Quantum spatial best-arm identification via quantum walks
This work addresses the limited quantum approaches for spatial constraints in reinforcement learning, offering a novel method for decision-making in constrained environments.
The paper tackles the graph bandit problem by proposing a quantum algorithm, QSBAI, that uses quantum walks to accelerate best-arm identification, analyzing success probabilities and optimal time steps for complete and bipartite graphs.

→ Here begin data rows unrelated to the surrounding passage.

Definition cubically_constant (R : realType) (n : nat) (T : Type)
    (f : n.-tuple R -> T) : Prop :=
  exists (I : finType) (cb : I -> 'I_n -> interval R),
    cube_cover cb /\ const_on_cubes cb f.

Section CubicallyConstant.
Variables (R : realType) (n : nat).
Implicit Types (T U : Type) (I : finType).

Definition cube_meet I1 I2 (cb1 : I1 -> 'I_n -> interval R)
  (cb2 : I2 -> 'I_n -> interval R) : (I1 * I2)%type -> 'I_n -> interval R :=
  fun k i => (cb1 k.1 i `&` cb2 k.2 i)%O.

Lemma in_cube_meet I1 I2 (cb1 : I1 -> 'I_n -> interval R)
    (cb2 : I2 -> 'I_n -> interval R) k (y : n.-tuple R) :
  in_cube (cube_meet cb1 cb2 k) y <-> in_cube (cb1 k.1) y /\ in_cube (cb2 k.2) y.
Proof.
split=> [h|[h1 h2] i]; last by rewrite in_itvI h1 h2.
by split=> i; have := h i; rewrite in_itvI => /andP[].
Qed.

Lemma cube_cover_meet I1 I2 (cb1 : I1 -> 'I_n -> interval R)
    (cb2 : I2 -> 'I_n -> interval R) :
  cube_cover cb1 -> cube_cover cb2 -> cube_cover (cube_meet cb1 cb2).
Proof.
move=> cv1 cv2 y; have [k1 h1] := cv1 y; have [k2 h2] := cv2 y.
by exists (k1, k2); apply/in_cube_meet.
Qed.

Lemma cubically_constant_cst T (a : T) : cubically_constant (fun _ : n.-tuple R => a).
Proof.
by exists unit, (fun _ _ => `]-oo, +oo[%R); split=> // y; exists tt => i; rewrite in_itv.
Qed.

Lemma cubically_constant_comp T U (g : T -> U) (f : n.-tuple R -> T) :
  cubically_constant f -> cubically_constant (fun x => g (f x)).
Proof.
by move=> [I [cb [cv cf]]]; exists I, cb; split=> // k y y' hy hy'; rewrite (cf k y y').
Qed.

Quantum reinforcement learning has emerged as a framework combining quantum computation with sequential decision-making, and applications to the multi-armed bandit (MAB) problem have been reported. The graph bandit problem extends the MAB setting by introducing spatial constraints, yet quantum approaches remain limited. We propose a quantum algorithm for best-arm identification in graph bandits, termed Quantum Spatial Best-Arm Identification (QSBAI). The method employs quantum walks to encode superpositions over graph-constrained actions, extending amplitude amplification and generalizing the Quantum BAI algorithm via Szegedy's walk framework. This establishes a link between Grover-type search and reinforcement learning tasks with structural restrictions. We analyze complete and bipartite graphs, deriving the maximal success probability of identifying the best arm and the time step at which it is achieved. Our results highlight the potential of quantum walks to accelerate exploration in constrained environments and extend the applicability of quantum algorithms for decision-making.